Musi być gdzieś błąd. Pytanie gdzie on się znajduje – w sformułowaniu samych celów, w strategii ich realizowania czy w... zachowaniach ludzi? Moim zdaniem liczne błędy znajdują się w każdej z tych płaszczyzn.
Moja ulubiona definicja celu brzmi - marzenie z terminem realizacji. Cele muszą wychodzić z marzeń, nie z „programów” i powinny tworzyć nową, pożądaną rzeczywistość, a nie dostosowywać się „do czasów” czyli potrzeb tej istniejącej.
Czasami zamiast poprawiać, doskonalić, zmieniać czy łatać to, co jest, najlepszym sposobem jest zacząć wszystko od początku. Moim zdaniem to jest pomysł na szkołę: Zacząć od początku.

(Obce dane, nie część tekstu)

(* Let $(A,A^* )$ be a left-symmetric bialgebroid, let $(A\oplus A^*,\star,\rho,(\cdot,\cdot)_-)$ be the associated pre-symplectic algebroid (with $\star$, $\rho$, $(\cdot,\cdot)_-$ as below), let $H\in\Gamma(A\otimes A)$, $H^\sharp:A^*\to A$ given by $\langle H^\sharp\xi,\eta\rangle=H(\xi,\eta)$, and let $G_H=\{H^\sharp(\xi)+\xi:\xi\in A^*\}$ be its graph. Then $G_H$ is a Dirac structure of $(A\oplus A^*,\star,\rho,(\cdot,\cdot)_-)$ if and only if $H\in\Gamma(\mathrm{Sym}^2(A))$ and $$\delta_*H-\llbracket H,H\rrbracket=0,$$ where $H\in\Gamma(A\otimes A)$ is regarded as a 2-cochain of the left-symmetric algebroid $A^*$.
   Context: A left-symmetric algebroid is a vector bundle $A\to M$ with an $\mathbb R$-bilinear multiplication $\cdot_A$ on $\Gamma(A)$ with $x\cdot_A(y\cdot_Az)-(x\cdot_Ay)\cdot_Az$ symmetric in $x,y$, and an anchor $a_A$ with $x\cdot_A(fy)=f(x\cdot_Ay)+a_A(x)(f)y$, $(fx)\cdot_Ay=f(x\cdot_Ay)$; $[x,y]_A=x\cdot_Ay-y\cdot_Ax$; $d$ the differential of $(A,[\cdot,\cdot]_A,a_A)$; $\langle\mathcal L_x\xi,y\rangle=a_A(x)\langle\xi,y\rangle-\langle\xi,[x,y]_A\rangle$, $\langle R_x\xi,y\rangle=-\langle\xi,y\cdot_Ax\rangle$; analogous $[\cdot,\cdot]_{A^*}$, $d_*$ ($\langle d_*f,\xi\rangle=a_{A^*}(\xi)f$), $\mathcal L_\xi x$, $\langle R_\xi x,\eta\rangle=-\langle x,\eta\cdot_{A^*}\xi\rangle$ for $A^*$. Coboundary of $A$: $C^{n+1}(A)=\Gamma(\wedge^nA^*\otimes A^* )$, $\delta\varphi(x_1,\dots,x_{n+1})=\sum_{i=1}^n(-1)^{i+1}a_A(x_i)\varphi(\dots,\hat{x_i},\dots,x_{n+1})-\sum_{i=1}^n(-1)^{i+1}\varphi(\dots,\hat{x_i},\dots,x_n,x_i\cdot_Ax_{n+1})+\sum_{i<j\le n}(-1)^{i+j}\varphi([x_i,x_j]_A,\dots,\hat{x_i},\dots,\hat{x_j},\dots,x_{n+1})$; $\delta_*$ is the same for $A^*$ (acting on $\Gamma(\wedge^nA\otimes A)$). $\mathfrak L_x(y_1\otimes y_2)=(x\cdot_Ay_1)\otimes y_2+y_1\otimes[x,y_2]_A$, similarly $\mathfrak L_\xi$. $(A,A^* )$ is a left-symmetric bialgebroid if $\delta[\xi,\eta]_{A^*}=\mathfrak L_\xi\delta\eta-\mathfrak L_\eta\delta\xi$ and $\delta_*[x,y]_A=\mathfrak L_x\delta_*y-\mathfrak L_y\delta_*x$. The associated structure on $A\oplus A^*$: $e_1\star e_2=(x_1\cdot_Ax_2+\mathcal L_{\xi_1}x_2-R_{\xi_2}x_1-\frac12d_*(e_1,e_2)_+)+(\xi_1\cdot_{A^*}\xi_2+\mathcal L_{x_1}\xi_2-R_{x_2}\xi_1-\frac12d(e_1,e_2)_+)$ for $e_i=x_i+\xi_i$; $\rho(x+\xi)=a_A(x)+a_{A^*}(\xi)$; $(x+\xi,y+\eta)_\pm=\langle\xi,y\rangle\pm\langle\eta,x\rangle$. A Dirac structure is a subbundle maximal isotropic for $(\cdot,\cdot)_-$ whose sections are closed under $\star$. For $H\in\Gamma(\mathrm{Sym}^2(A))$ (symmetric elements of $A\otimes A$), $\llbracket H,H\rrbracket\in\Gamma(\wedge^2A\otimes A)$ is $\llbracket H,H\rrbracket(\xi_1,\xi_2,\xi_3)=a_A(H^\sharp\xi_1)\langle H^\sharp\xi_2,\xi_3\rangle-a_A(H^\sharp\xi_2)\langle H^\sharp\xi_1,\xi_3\rangle+\langle\xi_1,H^\sharp\xi_2\cdot_AH^\sharp\xi_3\rangle-\langle\xi_2,H^\sharp\xi_1\cdot_AH^\sharp\xi_3\rangle-\langle\xi_3,[H^\sharp\xi_1,H^\sharp\xi_2]_A\rangle$. *)

(* Algebraic (Serre--Swan) model of vector bundles:
   functions on M = a commutative K-algebra C (K a number field, e.g. R),
   Gamma(A) = VA, Gamma(A^* ) = VB : C-modules in perfect duality via
   pair : VA -> VB -> C,  pair x xi = <xi, x>. *)
From HB Require Import structures.
From mathcomp Require Import all_boot all_order all_algebra.
Set Implicit Arguments. Unset Strict Implicit. Unset Printing Implicit Defensive.
Import Order.TTheory GRing.Theory Num.Theory.
Local Open Scope ring_scope.

Section Defs.
Variables (K : numFieldType) (C : comAlgType K).

(* a vector field on M = an R-linear derivation of C^oo(M) *)
Definition is_derivation (D : C -> C) : Prop :=
  (forall (k : K) (f g : C), D (k *: f + g) = k *: D f + D g) /\
  (forall f g : C, D (f * g) = f * D g + g * D f).

Definition Clinear (U V : lmodType C) (phi : U -> V) : Prop :=
  forall (c : C) (x y : U), phi (c *: x + y) = c *: phi x + phi y.

Definition Clinear_form (U : lmodType C) (phi : U -> C) : Prop :=
  forall (c : C) (x y : U), phi (c *: x + y) = c * phi x + phi y.

Variables (VA VB : lmodType C) (pair : VA -> VB -> C).

Definition perfect_pairing : Prop :=
  (((forall xi : VB, Clinear_form (fun x => pair x xi))) /\
     ((forall x : VA, Clinear_form (pair x))) /\
     ((forall x : VA, (forall xi, pair x xi = 0) -> x = 0)) /\
     ((forall xi : VB, (forall x, pair x xi = 0) -> xi = 0)) /\
     ((forall phi : VA -> C, Clinear_form phi ->
          exists xi : VB, forall x, phi x = pair x xi)) /\
     ((forall phi : VB -> C, Clinear_form phi ->
          exists x : VA, forall xi, phi xi = pair x xi))).

Definition left_symmetric_algebroid (V : lmodType C)
    (mul : V -> V -> V) (anc : V -> C -> C) : Prop :=
  (((forall (k : K) (x y z : V),
         mul ((k%:A : C) *: x + y) z = (k%:A : C) *: mul x z + mul y z
      /\ mul z ((k%:A : C) *: x + y) = (k%:A : C) *: mul z x + mul z y)) /\
     ((forall x y z : V,
         mul x (mul y z) - mul (mul x y) z = mul y (mul x z) - mul (mul y x) z)) /\
     ((forall (f : C) (x y : V), mul x (f *: y) = f *: mul x y + anc x f *: y)) /\
     ((forall (f : C) (x y : V), mul (f *: x) y = f *: mul x y)) /\
     ((forall (f g : C) (x y : V), anc (f *: x + y) g = f * anc x g + anc y g)) /\
     ((forall x : V, is_derivation (anc x)))).

Definition brk (V : lmodType C) (mul : V -> V -> V) (x y : V) : V :=
  mul x y - mul y x.

End Defs.

Section Bialg.
Variables (K : numFieldType) (C : comAlgType K) (VA VB : lmodType C)
  (pair : VA -> VB -> C)
  (mulA : VA -> VA -> VA) (aA : VA -> C -> C)
  (mulB : VB -> VB -> VB) (aB : VB -> C -> C)
  (LA : VA -> VB -> VB) (RA : VA -> VB -> VB) (dA : C -> VB)
  (LB : VB -> VA -> VA) (RB : VB -> VA -> VA) (dB : C -> VA).

(* characterisation of  L_x xi, R_x xi, d f, L_xi x, R_xi x, d_* f
   (unique by nondegeneracy of the pairing) *)
Definition dual_operators : Prop :=
  (((forall (x y : VA) (xi : VB),
         pair y (LA x xi) = aA x (pair y xi) - pair (brk mulA x y) xi)) /\
     ((forall (x y : VA) (xi : VB), pair y (RA x xi) = - pair (mulA y x) xi)) /\
     ((forall (f : C) (x : VA), pair x (dA f) = aA x f)) /\
     ((forall (xi eta : VB) (x : VA),
         pair (LB xi x) eta = aB xi (pair x eta) - pair x (brk mulB xi eta))) /\
     ((forall (xi eta : VB) (x : VA), pair (RB xi x) eta = - pair x (mulB eta xi))) /\
     ((forall (f : C) (xi : VB), pair (dB f) xi = aB xi f))).

(* coboundaries of 1-cochains, as bilinear functions *)
Definition deltaA (eta : VB) (x1 x2 : VA) : C :=
  aA x1 (pair x2 eta) - pair (mulA x1 x2) eta.
Definition deltaB (y : VA) (xi1 xi2 : VB) : C :=
  aB xi1 (pair y xi2) - pair y (mulB xi1 xi2).

(* frak L_xi acting on T in Gamma(A^* (x) A^* ), T seen as a bilinear
   function on A x A:  (frak L_xi T)(x1,x2) =
   a_{A^*}(xi) T(x1,x2) - T(l_xi x1, x2) - T(x1, L_xi x2),
   where l_xi = L_xi + R_xi is the dual of left multiplication xi .A^* _ *)
Definition frakLB (xi : VB) (T : VA -> VA -> C) (x1 x2 : VA) : C :=
  aB xi (T x1 x2) - T (LB xi x1 + RB xi x1) x2 - T x1 (LB xi x2).
Definition frakLA (x : VA) (T : VB -> VB -> C) (xi1 xi2 : VB) : C :=
  aA x (T xi1 xi2) - T (LA x xi1 + RA x xi1) xi2 - T xi1 (LA x xi2).

Definition left_symmetric_bialgebroid : Prop :=
  ((perfect_pairing pair) /\
     (left_symmetric_algebroid mulA aA) /\
     (left_symmetric_algebroid mulB aB) /\
     (dual_operators) /\
     ((forall (xi eta : VB) (x1 x2 : VA),
         deltaA (brk mulB xi eta) x1 x2
         = frakLB xi (deltaA eta) x1 x2 - frakLB eta (deltaA xi) x1 x2)) /\
     ((forall (x y : VA) (xi1 xi2 : VB),
         deltaB (brk mulA x y) xi1 xi2
         = frakLA x (deltaB y) xi1 xi2 - frakLA y (deltaB x) xi1 xi2))).

Definition pairing_plus (e1 e2 : VA * VB) : C :=
  pair e2.1 e1.2 + pair e1.1 e2.2.
Definition pairing_minus (e1 e2 : VA * VB) : C :=
  pair e2.1 e1.2 - pair e1.1 e2.2.

Definition half : C := ((2 : K)^-1)%:A.

Definition star (e1 e2 : VA * VB) : VA * VB :=
  (mulA e1.1 e2.1 + LB e1.2 e2.1 - RB e2.2 e1.1 - half *: dB (pairing_plus e1 e2),
   mulB e1.2 e2.2 + LA e1.1 e2.2 - RA e2.1 e1.2 - half *: dA (pairing_plus e1 e2)).

(* Dirac structure: a subbundle (C-submodule) which is maximal isotropic
   (Lagrangian: L = L^perp) for (.,.)_- and closed under star *)
Definition dirac_structure (L : VA * VB -> Prop) : Prop :=
  ((L (0, 0)) /\
     ((forall (c : C) e1 e2, L e1 -> L e2 -> L (c *: e1.1 + e2.1, c *: e1.2 + e2.2))) /\
     ((forall e1 e2, L e1 -> L e2 -> pairing_minus e1 e2 = 0)) /\
     ((forall e, (forall l, L l -> pairing_minus e l = 0) -> L e)) /\
     ((forall e1 e2, L e1 -> L e2 -> L (star e1 e2)))).

Definition graph (Hs : VB -> VA) (e : VA * VB) : Prop := e.1 = Hs e.2.

Definition Hform (Hs : VB -> VA) (xi eta : VB) : C := pair (Hs xi) eta.

Definition symmetric2 (Hs : VB -> VA) : Prop :=
  forall xi eta, Hform Hs xi eta = Hform Hs eta xi.

Definition deltaB2 (Hs : VB -> VA) (xi1 xi2 xi3 : VB) : C :=
  aB xi1 (Hform Hs xi2 xi3) - aB xi2 (Hform Hs xi1 xi3)
  - Hform Hs xi2 (mulB xi1 xi3) + Hform Hs xi1 (mulB xi2 xi3)
  - Hform Hs (brk mulB xi1 xi2) xi3.

Definition dbracket (Hs : VB -> VA) (xi1 xi2 xi3 : VB) : C :=
  aA (Hs xi1) (pair (Hs xi2) xi3) - aA (Hs xi2) (pair (Hs xi1) xi3)
  + pair (mulA (Hs xi2) (Hs xi3)) xi1 - pair (mulA (Hs xi1) (Hs xi3)) xi2
  - pair (brk mulA (Hs xi1) (Hs xi2)) xi3.

End Bialg.

(* For a symmetric H the graph G_H is automatically a C-submodule and Lagrangian for
   (.,.)_-: isotropy is exactly the symmetry of H, and maximality follows from the
   nondegeneracy of the pairing.  So everything rests on closedness under the product.
   For graph elements e_xi = H^sharp xi + xi and e_eta, the defect
   <(e_xi * e_eta)_A - H^sharp (e_xi * e_eta)_{A^*}, zeta> expands, via the dual
   characterisations of L, R, d and the symmetry of H, to
   (delta_* H - [[H, H]])(xi, zeta, eta); the two halves of d (e_xi, e_eta)_+ recombine
   since (e_xi, e_eta)_+ = 2 H(xi, eta). *)
From Pilot Require Import Defs.
From mathcomp Require Import all_boot all_order all_algebra.
From mathcomp Require Import ring.
Import GRing.Theory Num.Theory.
Set Implicit Arguments. Unset Strict Implicit. Unset Printing Implicit Defensive.
Local Open Scope ring_scope.

Section ClinearForm.
Variables (K : numFieldType) (C : comAlgType K) (V : lmodType C) (phi : V -> C).
Hypothesis phi_lin : Clinear_form phi.

Lemma clinear_form0 : phi 0 = 0.
Proof.
have := phi_lin 1 0 0; rewrite scaler0 addr0 mul1r => phi00.
by apply: (addrI (phi 0)); rewrite addr0 -phi00.
Qed.

Lemma clinear_formD x y : phi (x + y) = phi x + phi y.
Proof. by have := phi_lin 1 x y; rewrite scale1r mul1r. Qed.

Lemma clinear_formZ c x : phi (c *: x) = c * phi x.
Proof. by have := phi_lin c x 0; rewrite !addr0 clinear_form0 addr0. Qed.

Lemma clinear_formN x : phi (- x) = - phi x.
Proof. by rewrite -scaleN1r clinear_formZ mulN1r. Qed.

Lemma clinear_formB x y : phi (x - y) = phi x - phi y.
Proof. by rewrite clinear_formD clinear_formN. Qed.

End ClinearForm.

Section Clinear.
Variables (K : numFieldType) (C : comAlgType K) (V W : lmodType C) (phi : V -> W).
Hypothesis phi_lin : Clinear phi.

Lemma clinear0 : phi 0 = 0.
Proof.
have := phi_lin 1 0 0; rewrite scaler0 addr0 scale1r => phi00.
by apply: (addrI (phi 0)); rewrite addr0 -phi00.
Qed.

End Clinear.

Lemma derivationD (K : numFieldType) (C : comAlgType K) (D : C -> C) f g :
  is_derivation D -> D (f + g) = D f + D g.
Proof. by case=> lin _; have := lin 1 f g; rewrite !scale1r. Qed.

Lemma half_double (K : numFieldType) (C : comAlgType K) (g : C) :
  Defs.half C * (g + g) = g.
Proof.
have halves : (2^-1 + 2^-1 : K) = 1 by rewrite [RHS]splitr mul1r.
by rewrite /Defs.half mulr_algl scalerDr -scalerDl halves scale1r.
Qed.

Section GraphDirac.
Variables (K : numFieldType) (C : comAlgType K) (VA VB : lmodType C)
  (pair : VA -> VB -> C)
  (mulA : VA -> VA -> VA) (aA : VA -> C -> C)
  (mulB : VB -> VB -> VB) (aB : VB -> C -> C)
  (LA : VA -> VB -> VB) (RA : VA -> VB -> VB) (dA : C -> VB)
  (LB : VB -> VA -> VA) (RB : VB -> VA -> VA) (dB : C -> VA).
Hypothesis pair_linl : forall xi, Clinear_form (fun x => pair x xi).
Hypothesis pair_linr : forall x, Clinear_form (pair x).
Hypothesis pair_nondeg : forall x, (forall xi, pair x xi = 0) -> x = 0.
Hypothesis aA_der : forall x, is_derivation (aA x).
Hypothesis aB_der : forall xi, is_derivation (aB xi).
Hypothesis duals : dual_operators pair mulA aA mulB aB LA RA dA LB RB dB.
Variable Hs : VB -> VA.

Local Notation starAB := (star pair mulA mulB LA RA dA LB RB dB).
Local Notation G := (graph Hs).

Let pairDl x y z : pair (x + y) z = pair x z + pair y z.
Proof. exact: (clinear_formD (pair_linl z)). Qed.
Let pairBl x y z : pair (x - y) z = pair x z - pair y z.
Proof. exact: (clinear_formB (pair_linl z)). Qed.
Let pairZl c x z : pair (c *: x) z = c * pair x z.
Proof. exact: (clinear_formZ (pair_linl z)). Qed.
Let pairNl x z : pair (- x) z = - pair x z.
Proof. exact: (clinear_formN (pair_linl z)). Qed.
Let pairDr x y z : pair z (x + y) = pair z x + pair z y.
Proof. exact: (clinear_formD (pair_linr z)). Qed.
Let pairZr c x z : pair z (c *: x) = c * pair z x.
Proof. exact: (clinear_formZ (pair_linr z)). Qed.
Let pairNr x z : pair z (- x) = - pair z x.
Proof. exact: (clinear_formN (pair_linr z)). Qed.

Może to zrobić polska oświata jako całość, ale także każda gmina, czy każda szkoła. Pozwoli to wyjść z niesłużących już schematów, do których jesteśmy przyzwyczajeni, a które powodują, że w społeczeństwie opartym na wiedzy(a dążącym do mądrości czyli wiedzy z osądem moralnym) mamy szkołę z epoki industrialnej. W świecie, w którym wszystko zmienia się z dnia na dzień, a nawet z godziny na godzinę, szkoła zmienia się najwolniej. Tymczasem ona nie tylko musi nadążać za zmianami, ale je wyprzedzać. I nie chodzi tu o włączanie technologii do szkoły, ale o zmianę myślenia i sposobów uczenia. Dopiero w oparciu o takie podejście (marzenia) można budować cele szkoły.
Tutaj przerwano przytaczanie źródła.